Repeat verbatim, and only, the lines of the data below, beginning at the line that contains "convergence of all" and stopping after the line that contains "apply Nat.Div0.mod_add).".

═══ Given data ═══

Lemma adjmxD m p (x y : 'M[C]_(m, p)) : adjmx (x + y) = adjmx x + adjmx y.
Proof. by apply/matrixP => i j; rewrite [RHS]mxE !adjmxE mxE rmorphD. Qed.

Lemma adjmxN m p (x : 'M[C]_(m, p)) : adjmx (- x) = - adjmx x.
Proof. by apply/matrixP => i j; rewrite [RHS]mxE !adjmxE mxE rmorphN. Qed.

Lemma adjmxZ m p c (x : 'M[C]_(m, p)) : adjmx (c *: x) = c^* *: adjmx x.
Proof. by apply/matrixP => i j; rewrite [RHS]mxE !adjmxE mxE rmorphM. Qed.

Lemma adjmxM m p r (x : 'M[C]_(m, p)) (y : 'M[C]_(p, r)) :
  adjmx (x *m y) = adjmx y *m adjmx x.
Proof. by rewrite /adjmx map_mxM trmx_mul. Qed.

Lemma mxtrace_adj n (x : 'M[C]_n) : \tr (adjmx x) = (\tr x)^*.
Proof. by rewrite /mxtrace rmorph_sum; apply: eq_bigr => i _; rewrite adjmxE. Qed.

End Adjoint.

Section Pairing.
Variables (R : realType) (n : nat).
Local Notation C := R[i].
Implicit Types x y a b d m K : 'M[C]_n.

Lemma phiE x a : phi x a = \sum_i \sum_j (x i j)^* * a i j.
Proof.
rewrite /phi /mxtrace exchange_big; apply: eq_bigr => j _.
by rewrite mxE; apply: eq_bigr => i _; rewrite adjmxE.
Qed.

Lemma phiC x a : phi a x = (phi x a)^*.
Proof. by rewrite /phi -mxtrace_adj adjmxM adjmxK. Qed.

Lemma phiDl x y a : phi (x + y) a = phi x a + phi y a.
Proof. by rewrite /phi adjmxD mulmxDl mxtraceD. Qed.

Lemma phiZl c x a : phi (c *: x) a = c^* * phi x a.
Proof. by rewrite /phi adjmxZ -scalemxAl mxtraceZ. Qed.

Lemma phiNl x a : phi (- x) a = - phi x a.
Proof. by rewrite /phi adjmxN mulNmx linearN. Qed.

Lemma phiDr x a b : phi x (a + b) = phi x a + phi x b.
Proof. by rewrite /phi mulmxDr mxtraceD. Qed.

Lemma phiZr c x a : phi x (c *: a) = c * phi x a.
Proof. by rewrite /phi -scalemxAr mxtraceZ. Qed.

Lemma phiNr x a : phi x (- a) = - phi x a.
Proof. by rewrite /phi mulmxN linearN. Qed.

Lemma phi_delta x i j : phi x (delta_mx i j) = (x i j)^*.
Proof.
rewrite phiE (bigD1 i) //= (bigD1 j) //= !mxE !eqxx mulr1.
rewrite big1 ?addr0 => [|k /negbTE kj]; last by rewrite mxE eqxx kj mulr0.
rewrite big1 ?addr0 // => k /negbTE ki; rewrite big1 // => l _.
by rewrite mxE ki mulr0.
Qed.

Definition hsnorm2 (m : 'M[C]_n) : R := Re (phi m m).

Lemma hsnorm2E m : hsnorm2 m = \sum_i \sum_j (Re (m i j) ^+ 2 + Im (m i j) ^+ 2).
Proof.
rewrite /hsnorm2 phiE complexRe_sum; apply: eq_bigr => i _.
rewrite complexRe_sum; apply: eq_bigr => j _.
by rewrite complexReM complexReJ complexImJ; ring.
Qed.

Lemma hsnorm2_ge0 m : 0 <= hsnorm2 m.
Proof. by rewrite hsnorm2E; do 2!(apply: sumr_ge0 => ? _); rewrite addr_ge0 ?sqr_ge0. Qed.

Lemma hsnorm2_le0 m : hsnorm2 m <= 0 -> m = 0.
Proof.
move=> m_le0; have /eqP : hsnorm2 m = 0 by apply/eqP; rewrite eq_le m_le0 hsnorm2_ge0.
have sq_ge0 (z : C) : 0 <= Re z ^+ 2 + Im z ^+ 2 by rewrite addr_ge0 ?sqr_ge0.
rewrite hsnorm2E psumr_eq0 => [/allP m0|i _]; last exact: sumr_ge0.
apply/matrixP => i j; move: (m0 i (mem_index_enum _)).
rewrite psumr_eq0 // => /allP/(_ j (mem_index_enum _)).
rewrite paddr_eq0 ?sqr_ge0 // !sqrf_eq0 => /andP[/eqP Rij /eqP Iij].
by rewrite mxE; apply: complexP.
Qed.

Lemma hsnorm2_entry m k l : Re (m k l) ^+ 2 <= hsnorm2 m.
Proof.
have sq_ge0 (z : C) : 0 <= Re z ^+ 2 + Im z ^+ 2 by rewrite addr_ge0 ?sqr_ge0.
rewrite hsnorm2E (bigD1 k) //= (bigD1 l) //= -!addrA lerDl.
by rewrite !addr_ge0 ?sqr_ge0 ?sumr_ge0 // => i _; apply: sumr_ge0.
Qed.

Lemma hsnorm2_line d K (t : R) :
  hsnorm2 (d + t%:C%C *: K) = hsnorm2 d + 2 * t * Re (phi d K) + t ^+ 2 * hsnorm2 K.
Proof.
rewrite /hsnorm2 !(phiDl, phiDr, phiZl, phiZr) (phiC d K) !complexReD.
by rewrite !complexReM !complexReJ !complexImJ /=; ring.
Qed.

End Pairing.

Section Positivity.
Variables (R : realType) (n : nat).
Local Notation C := R[i].
Implicit Types (a b x : 'M[C]_n) (u v w : 'cV[C]_n).

Definition sesq b u v : C := (adjmx u *m b *m v) 0 0.

Definition dyad w : 'M[C]_n := w *m adjmx w.

Definition unitcv k : 'cV[C]_n := delta_mx k 0.

Lemma sesqDl b u u' v : sesq b (u + u') v = sesq b u v + sesq b u' v.
Proof. by rewrite /sesq adjmxD !mulmxDl mxE. Qed.

Lemma sesqZl b c u v : sesq b (c *: u) v = c^* * sesq b u v.
Proof. by rewrite /sesq adjmxZ -!scalemxAl mxE. Qed.

Lemma sesqDr b u v v' : sesq b u (v + v') = sesq b u v + sesq b u v'.
Proof. by rewrite /sesq mulmxDr mxE. Qed.

Lemma sesqZr b c u v : sesq b u (c *: v) = c * sesq b u v.
Proof. by rewrite /sesq -scalemxAr mxE. Qed.

Lemma sesqE b u v : sesq b u v = \sum_i \sum_j (u i 0)^* * b i j * v j 0.
Proof.
rewrite /sesq mxE exchange_big; apply: eq_bigr => j _; rewrite mxE big_distrl.
by apply: eq_bigr => i _; rewrite adjmxE.
Qed.

Lemma sesq_unitcv b k l : sesq b (unitcv k) (unitcv l) = b k l.
Proof.
rewrite /sesq; have -> : adjmx (unitcv k) = delta_mx 0 k.
  by apply/matrixP => i j; rewrite adjmxE !mxE rmorph_nat andbC.
by rewrite -rowE -colE !mxE.
Qed.

Lemma sesq_pair b k l c :
  sesq b (unitcv k + c *: unitcv l) (unitcv k + c *: unitcv l) =
  b k k + c * b k l + c^* * b l k + c^* * c * b l l.
Proof.
rewrite !(sesqDl, sesqDr, sesqZl, sesqZr) !sesq_unitcv.
by rewrite !addrA mulrA.
Qed.

Lemma sesq_adj b v : (sesq b v v)^* = sesq (adjmx b) v v.
Proof. by rewrite /sesq -adjmxE !adjmxM adjmxK mulmxA. Qed.

Lemma phi_dyad x w : phi x (dyad w) = (sesq x w w)^*.
Proof.
rewrite /phi /dyad /sesq mulmxA mxtrace_mulC /mxtrace big_ord1.
by rewrite -adjmxE !adjmxM adjmxK mulmxA.
Qed.

Lemma psd_dyad w : psd (dyad w).
Proof.
split=> [|v]; first by rewrite /dyad adjmxM adjmxK.
rewrite /dyad mulmxA -(mulmxA (adjmx v *m w)) mxE big_ord1.
have -> : (adjmx w *m v) 0 0 = ((adjmx v *m w) 0 0)^*.
  by rewrite -adjmxE adjmxM adjmxK.
exact: mul_conjC_ge0.
Qed.

Lemma psdD a b : psd a -> psd b -> psd (a + b).
Proof.
move=> [aH a_ge0] [bH b_ge0]; split=> [|v]; first by rewrite adjmxD aH bH.
by rewrite mulmxDr mulmxDl mxE addr_ge0.
Qed.

Lemma psdZ (t : R) b : 0 <= t -> psd b -> psd (t%:C%C *: b).
Proof.
move=> t_ge0 [bH b_ge0]; split=> [|v].
  by rewrite adjmxZ bH; congr (_ *: _); apply: complexP; rewrite /= ?oppr0.
by rewrite -scalemxAr -scalemxAl mxE mulr_ge0 ?lecR.
Qed.
(* For every $s\in\mathbb{C}$ with $\Re(s)>1$, $$(2^s+1)\sum_{n\ge1}\frac{t_{n-1}}{n^s}+(2^s-1)\sum_{n\ge1}\frac{t_n}{n^s}=2^s\zeta(s).$$
   Context: For $n\ge 0$, let $t_n\in\{0,1\}$ denote the sum of the binary digits of $n$ reduced modulo $2$ (so $t_0=0$; this is the Thue–Morse sequence). $\zeta(s)=\sum_{n\ge1}n^{-s}$ is the Riemann zeta function. *)

From Stdlib Require Import Reals Lra Lia.
From Coquelicot Require Import Coquelicot.
Open Scope R_scope.

(* Sum of binary digits of n; fuel argument [f] is >= n, which suffices
   since n halves at each step. *)
Fixpoint bin_digit_sum_aux (f n : nat) : nat :=
  match f with
  | O => O
  | S f' => match n with
            | O => O
            | S _ => (n mod 2 + bin_digit_sum_aux f' (Nat.div2 n))%nat
            end
  end.

Definition bin_digit_sum (n : nat) : nat := bin_digit_sum_aux n n.

Definition thue_morse (n : nat) : nat := (bin_digit_sum n mod 2)%nat.

Definition Cexp (z : C) : C :=
  (exp (Re z) * cos (Im z), exp (Re z) * sin (Im z)).

Definition Cpow_pos (x : R) (s : C) : C := Cexp (Cmult s (RtoC (ln x))).

Definition nat_pow_neg (n : nat) (s : C) : C := Cinv (Cpow_pos (INR n) s).

(* Write a_n = t_(n-1) n^-s, b_n = t_n n^-s and z_n = n^-s.  Since
   t_(2j) = t_j and t_(2j+1) = 1 - t_j, the coefficient of n^-s in a + b - z
   vanishes for odd n = 2j+1 and equals t_(j+1) - t_j for even n = 2(j+1).
   Hence A + B - Z = 2^-s (B - A), which rearranges to the identity; absolute
   convergence of all three series follows by comparison with the real
   p-series for p = Re s > 1. *)
From Stdlib Require Import Reals Lra Lia.
From Coquelicot Require Import Coquelicot.
Open Scope R_scope.

Lemma bin_digit_sum_aux_fuel f g n : (n <= f)%nat -> (n <= g)%nat ->
  bin_digit_sum_aux f n = bin_digit_sum_aux g n.
Proof.
  revert g n; induction f as [|f IH]; intros g n Hf Hg.
  - replace n with 0%nat by lia; now destruct g.
  - destruct n as [|n]; [now destruct g|].
    destruct g as [|g]; [lia|]; cbn [bin_digit_sum_aux].
    pose proof (Nat.le_div2 n); f_equal; apply IH; lia.
Qed.

Lemma bin_digit_sum_unfold n :
  bin_digit_sum n = (n mod 2 + bin_digit_sum (Nat.div2 n))%nat.
Proof.
  destruct n as [|n]; [reflexivity|].
  unfold bin_digit_sum at 1; cbn [bin_digit_sum_aux]; f_equal.
  pose proof (Nat.le_div2 n); apply bin_digit_sum_aux_fuel; lia.
Qed.

Lemma thue_morse_double j : thue_morse (2 * j) = thue_morse j.
Proof.
  unfold thue_morse; rewrite bin_digit_sum_unfold, Nat.div2_double.
  now rewrite Nat.mul_comm, Nat.Div0.mod_mul.
Qed.

Lemma thue_morse_double_succ j :
  INR (thue_morse (S (2 * j))) = 1 - INR (thue_morse j).
Proof.
  unfold thue_morse; rewrite bin_digit_sum_unfold, Nat.div2_succ_double.
  replace (S (2 * j) mod 2)%nat with 1%nat
    by (symmetry; rewrite <- Nat.add_1_r, Nat.mul_comm, Nat.add_comm;
        apply Nat.Div0.mod_add).
  set (m := bin_digit_sum j).
  assert (Hm : ((1 + m) mod 2 + m mod 2 = 1)%nat).
  { pose proof (Nat.div_mod_eq m 2); pose proof (Nat.div_mod_eq (1 + m) 2).
    pose proof (Nat.mod_upper_bound m 2); pose proof (Nat.mod_upper_bound (1 + m) 2).
    lia. }
  apply (f_equal INR) in Hm; rewrite plus_INR in Hm; change (INR 1) with 1 in Hm; lra.
Qed.

Lemma thue_morse_le_1 n : INR (thue_morse n) <= 1.
Proof.
  apply (le_INR _ 1); unfold thue_morse.
  pose proof (Nat.mod_upper_bound (bin_digit_sum n) 2); lia.
Qed.

Lemma Cexp_add a b : Cexp (a + b) = (Cexp a * Cexp b)%C.
Proof.
  destruct a as [a1 a2], b as [b1 b2]; unfold Cexp, Cplus, Cmult; simpl.
  rewrite exp_plus, cos_plus, sin_plus; f_equal; ring.
Qed.

Lemma Cmod_Cexp z : Cmod (Cexp z) = exp (Re z).
Proof.
  destruct z as [x y]; unfold Cexp, Cmod; simpl.
  pose proof (sin2_cos2 y) as Hsc; unfold Rsqr in Hsc.
  match goal with |- sqrt ?e = _ =>
    replace e with (exp x ^ 2 * (sin y * sin y + cos y * cos y)) by ring end.
  rewrite Hsc, Rmult_1_r, sqrt_pow2; [reflexivity | left; apply exp_pos].
Qed.

Lemma Cexp_neq0 z : Cexp z <> 0%C.
Proof.
  intro H; pose proof (Cmod_Cexp z) as E; rewrite H, Cmod_0 in E.
  pose proof (exp_pos (Re z)); lra.
Qed.

Lemma Cpow_pos_mul x y s : 0 < x -> 0 < y ->
  Cpow_pos (x * y) s = (Cpow_pos x s * Cpow_pos y s)%C.
Proof.
  intros Hx Hy; unfold Cpow_pos.
  rewrite ln_mult, <- Cexp_add, <- Cmult_plus_distr_l, RtoC_plus by assumption.
  reflexivity.
Qed.

Lemma Cmod_Cpow_pos x s : Cmod (Cpow_pos x s) = Rpower x (Re s).
Proof.
  unfold Cpow_pos, Rpower; rewrite Cmod_Cexp.
  destruct s as [a b]; unfold Cmult, RtoC; simpl; f_equal; ring.
Qed.

Lemma nat_pow_neg_mul m n s : (0 < m)%nat -> (0 < n)%nat ->
  nat_pow_neg (m * n) s = (nat_pow_neg m s * nat_pow_neg n s)%C.
Proof.
  intros Hm Hn; unfold nat_pow_neg.
  rewrite mult_INR, Cpow_pos_mul by (apply lt_0_INR; assumption).
  field; split; apply Cexp_neq0.
Qed.

Lemma Cmod_nat_pow_neg n s : Cmod (nat_pow_neg n s) = Rpower (INR n) (- Re s).
Proof.
  unfold nat_pow_neg; rewrite Cmod_inv by apply Cexp_neq0.
  now rewrite Cmod_Cpow_pos, Rpower_Ropp.
Qed.

Lemma Rpower_neg_le_increment p x : 1 < p -> 1 < x ->
  (p - 1) * Rpower x (- p) <= Rpower (x - 1) (1 - p) - Rpower x (1 - p).
Proof.
  intros Hp Hx.
  set (q := (x - 1) / x).
  assert (Hq : 0 < q) by (apply Rdiv_lt_0_compat; lra).
  assert (Hx1 : Rpower (x - 1) (1 - p) = Rpower x (1 - p) * Rpower q (1 - p)).
  { rewrite Rpower_mult_distr by lra; f_equal; unfold q; field; lra. }
  assert (Hxp : Rpower x (- p) = Rpower x (1 - p) * / x).
  { replace (- p) with ((1 - p) + - (1)) by ring.
    now rewrite Rpower_plus, Rpower_Ropp, Rpower_1 by lra. }
  assert (Hlnq : ln q <= - / x).
  { pose proof (exp_ineq1_le (ln q)); rewrite exp_ln in * by assumption.
    replace (- / x) with (q - 1) by (unfold q; field; lra); lra. }
  assert (Hqp : 1 + (p - 1) * / x <= Rpower q (1 - p)).
  { unfold Rpower; eapply Rle_trans; [|apply exp_ineq1_le]; nra. }
  rewrite Hx1, Hxp.
  pose proof (exp_pos ((1 - p) * ln x)); fold (Rpower x (1 - p)) in *.
  nra.
Qed.

Lemma sum_n_Rpower_neg_le p n : 1 < p ->
  sum_n (fun k => Rpower (INR (S k)) (- p)) n
    <= p / (p - 1) - Rpower (INR (S n)) (1 - p) / (p - 1).
Proof.
  intros Hp; induction n as [|n IH].
  - rewrite sum_O; change (INR 1) with 1; unfold Rpower.
    rewrite ln_1, !Rmult_0_r, exp_0; apply Req_le; field; lra.
  - rewrite sum_Sn; change (plus ?a ?b) with (a + b).
    assert (Hn : 1 < INR (S (S n))) by (rewrite !S_INR; pose proof (pos_INR n); lra).
    pose proof (Rpower_neg_le_increment p _ Hp Hn) as Hinc.
    replace (INR (S (S n)) - 1) with (INR (S n)) in Hinc by (rewrite (S_INR (S n)); ring).
    apply Rmult_le_compat_l with (r := / (p - 1)) in Hinc;
      [|left; apply Rinv_0_lt_compat; lra].
    rewrite <- Rmult_assoc, Rinv_l, Rmult_1_l in Hinc by lra.
    unfold Rdiv in *; lra.
Qed.

Lemma ex_series_Rpower_neg p : 1 < p ->
  ex_series (fun k => Rpower (INR (S k)) (- p)).
Proof.
  intros Hp.
  assert (Hlim : ex_finite_lim_seq (sum_n (fun k => Rpower (INR (S k)) (- p)))).
  { apply ex_finite_lim_seq_incr with (M := p / (p - 1)); intros n.
    - rewrite sum_Sn; change (plus ?a ?b) with (a + b).
      pose proof (exp_pos (- p * ln (INR (S (S n))))); unfold Rpower; lra.
    - eapply Rle_trans; [now apply sum_n_Rpower_neg_le|].
      pose proof (exp_pos ((1 - p) * ln (INR (S n)))); fold (Rpower (INR (S n)) (1 - p)) in *.
      assert (0 < / (p - 1)) by (apply Rinv_0_lt_compat; lra).
      unfold Rdiv; nra. }
  destruct Hlim as [l Hl]; now exists l.
Qed.

Lemma ex_series_dirichlet_bounded (a : nat -> R) s : 1 < Re s ->
  (forall k, Rabs (a k) <= 1) ->
  ex_series (fun k => (RtoC (a k) * nat_pow_neg (S k) s)%C).
Proof.
  intros Hs Ha.
  apply (@ex_series_le C_AbsRing C_CompleteNormedModule _
           (fun k => Rpower (INR (S k)) (- Re s))); [|exact (ex_series_Rpower_neg _ Hs)].
  intros k; change (Cmod (RtoC (a k) * nat_pow_neg (S k) s) <= Rpower (INR (S k)) (- Re s)).
  rewrite Cmod_mult, Cmod_R, Cmod_nat_pow_neg.
  pose proof (exp_pos (- Re s * ln (INR (S k)))); fold (Rpower (INR (S k)) (- Re s)) in *.
  specialize (Ha k); pose proof (Rabs_pos (a k)); nra.
Qed.

Lemma sum_n_odd_terms {G : AbelianMonoid} (c : nat -> G) :
  (forall j, c (2 * j)%nat = zero) ->
  forall j, sum_n c (S (2 * j)) = sum_n (fun i => c (S (2 * i))) j.
Proof.
  intros Heven; induction j as [|j IH].
  - rewrite sum_Sn, !sum_O; change (c 0%nat) with (c (2 * 0)%nat).
    now rewrite Heven, plus_zero_l.
  - replace (S (2 * S j)) with (S (S (S (2 * j)))) by lia.
    rewrite (sum_Sn c (S (S (2 * j)))), (sum_Sn c (S (2 * j))), IH, sum_Sn.
    replace (S (S (2 * j))) with (2 * S j)%nat by lia.
    rewrite Heven, plus_zero_r; do 2 f_equal; lia.
Qed.

Lemma is_series_odd_terms {K : AbsRing} {V : NormedModule K} (c : nat -> V) l :
  (forall j, c (2 * j)%nat = zero) -> is_series c l ->
  is_series (fun j => c (S (2 * j))) l.
Proof.
  intros Heven Hc; unfold is_series.
  apply filterlim_ext with (f := fun j => sum_n c (S (2 * j))).
  { intros j; now apply sum_n_odd_terms. }
  apply filterlim_comp with (G := eventually) (g := sum_n c); [|exact Hc].
  intros P [N HN]; exists N; intros n Hn; apply HN; lia.
Qed.

Lemma thue_morse_dirichlet_relation s A B Z :
  is_series (fun k => (RtoC (INR (thue_morse k)) * nat_pow_neg (S k) s)%C) A ->
  is_series (fun k => (RtoC (INR (thue_morse (S k))) * nat_pow_neg (S k) s)%C) B ->
  is_series (fun k => nat_pow_neg (S k) s) Z ->
  (Cpow_pos 2 s * (A + B - Z) = B - A)%C.
Proof.
  intros HA HB HZ.
  set (c := fun k => (RtoC (INR (thue_morse k) + INR (thue_morse (S k)) - 1)
                      * nat_pow_neg (S k) s)%C).
  assert (Hc : is_series c (A + B - Z)%C).
  { eapply is_series_ext;
      [|exact (is_series_minus _ _ _ _ (is_series_plus _ _ _ _ HA HB) HZ)].
    intros k; unfold c; rewrite RtoC_minus, RtoC_plus.
    change (plus (plus ?a ?b) (opp ?z) = ?w) with (a + b - z = w)%C; ring. }
  assert (Hodd : is_series (fun j => c (S (2 * j))) (A + B - Z)%C).
  { apply is_series_odd_terms; [|exact Hc].
    intros j; unfold c; rewrite thue_morse_double, thue_morse_double_succ.
    replace (_ + (1 - _) - 1) with 0 by ring; apply Cmult_0_l. }
  assert (Hpow2 : nat_pow_neg 2 s = Cinv (Cpow_pos 2 s)).
  { unfold nat_pow_neg; do 2 f_equal; simpl; ring. }
  assert (Hodd' : is_series (fun j => c (S (2 * j)))
                    (Cinv (Cpow_pos 2 s) * (B - A))%C).
  { eapply is_series_ext; [|exact (is_series_scal _ _ _ (is_series_minus _ _ _ _ HB HA))].
    intros j; unfold c.
    replace (S (S (2 * j))) with (2 * S j)%nat by lia.
    rewrite thue_morse_double, thue_morse_double_succ, nat_pow_neg_mul, Hpow2 by lia.
    rewrite RtoC_minus, RtoC_plus, RtoC_minus.
    change (scal ?a (plus ?b (opp ?z)) = ?w) with (a * (b - z) = w)%C; ring. }
  rewrite (filterlim_locally_unique _ _ _ Hodd Hodd'); field; apply Cexp_neq0.
Qed.

Theorem theorem3 (s : C) (hs : (1 < Re s)%R) :
  exists A B Z : C,
    is_series (fun k : nat =>
       Cmult (RtoC (INR (thue_morse k))) (nat_pow_neg (S k) s)) A /\
    is_series (fun k : nat =>
       Cmult (RtoC (INR (thue_morse (S k)))) (nat_pow_neg (S k) s)) B /\
    is_series (fun k : nat => nat_pow_neg (S k) s) Z /\
    Cplus (Cmult (Cplus (Cpow_pos 2 s) 1) A)
          (Cmult (Cminus (Cpow_pos 2 s) 1) B)
    = Cmult (Cpow_pos 2 s) Z.
Proof.
  assert (Ht : forall n, Rabs (INR (thue_morse n)) <= 1).
  { intros n; rewrite Rabs_pos_eq by apply pos_INR; apply thue_morse_le_1. }
  destruct (ex_series_dirichlet_bounded _ s hs Ht) as [A HA].
  destruct (ex_series_dirichlet_bounded _ s hs (fun n => Ht (S n))) as [B HB].
  destruct (ex_series_dirichlet_bounded (fun _ => 1) s hs) as [Z HZ].
  { intros _; rewrite Rabs_R1; apply Rle_refl. }
  assert (HZ' : is_series (fun k => nat_pow_neg (S k) s) Z).
  { eapply is_series_ext; [|exact HZ]; intros k; apply Cmult_1_l. }
  exists A, B, Z; repeat split; try assumption.
  pose proof (thue_morse_dirichlet_relation s A B Z HA HB HZ') as E.
  replace (Cpow_pos 2 s * Z)%C
    with (Cpow_pos 2 s * A + Cpow_pos 2 s * B - Cpow_pos 2 s * (A + B - Z))%C by ring.
  rewrite E; ring.
Qed.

═══

_Exercise response_
   convergence of all three series follows by comparison with the real
   p-series for p = Re s > 1. *)
From Stdlib Require Import Reals Lra Lia.
From Coquelicot Require Import Coquelicot.
Open Scope R_scope.

Lemma bin_digit_sum_aux_fuel f g n : (n <= f)%nat -> (n <= g)%nat ->
  bin_digit_sum_aux f n = bin_digit_sum_aux g n.
Proof.
  revert g n; induction f as [|f IH]; intros g n Hf Hg.
  - replace n with 0%nat by lia; now destruct g.
  - destruct n as [|n]; [now destruct g|].
    destruct g as [|g]; [lia|]; cbn [bin_digit_sum_aux].
    pose proof (Nat.le_div2 n); f_equal; apply IH; lia.
Qed.

Lemma bin_digit_sum_unfold n :
  bin_digit_sum n = (n mod 2 + bin_digit_sum (Nat.div2 n))%nat.
Proof.
  destruct n as [|n]; [reflexivity|].
  unfold bin_digit_sum at 1; cbn [bin_digit_sum_aux]; f_equal.
  pose proof (Nat.le_div2 n); apply bin_digit_sum_aux_fuel; lia.
Qed.

Lemma thue_morse_double j : thue_morse (2 * j) = thue_morse j.
Proof.
  unfold thue_morse; rewrite bin_digit_sum_unfold, Nat.div2_double.
  now rewrite Nat.mul_comm, Nat.Div0.mod_mul.
Qed.

Lemma thue_morse_double_succ j :
  INR (thue_morse (S (2 * j))) = 1 - INR (thue_morse j).
Proof.
  unfold thue_morse; rewrite bin_digit_sum_unfold, Nat.div2_succ_double.
  replace (S (2 * j) mod 2)%nat with 1%nat
    by (symmetry; rewrite <- Nat.add_1_r, Nat.mul_comm, Nat.add_comm;
        apply Nat.Div0.mod_add).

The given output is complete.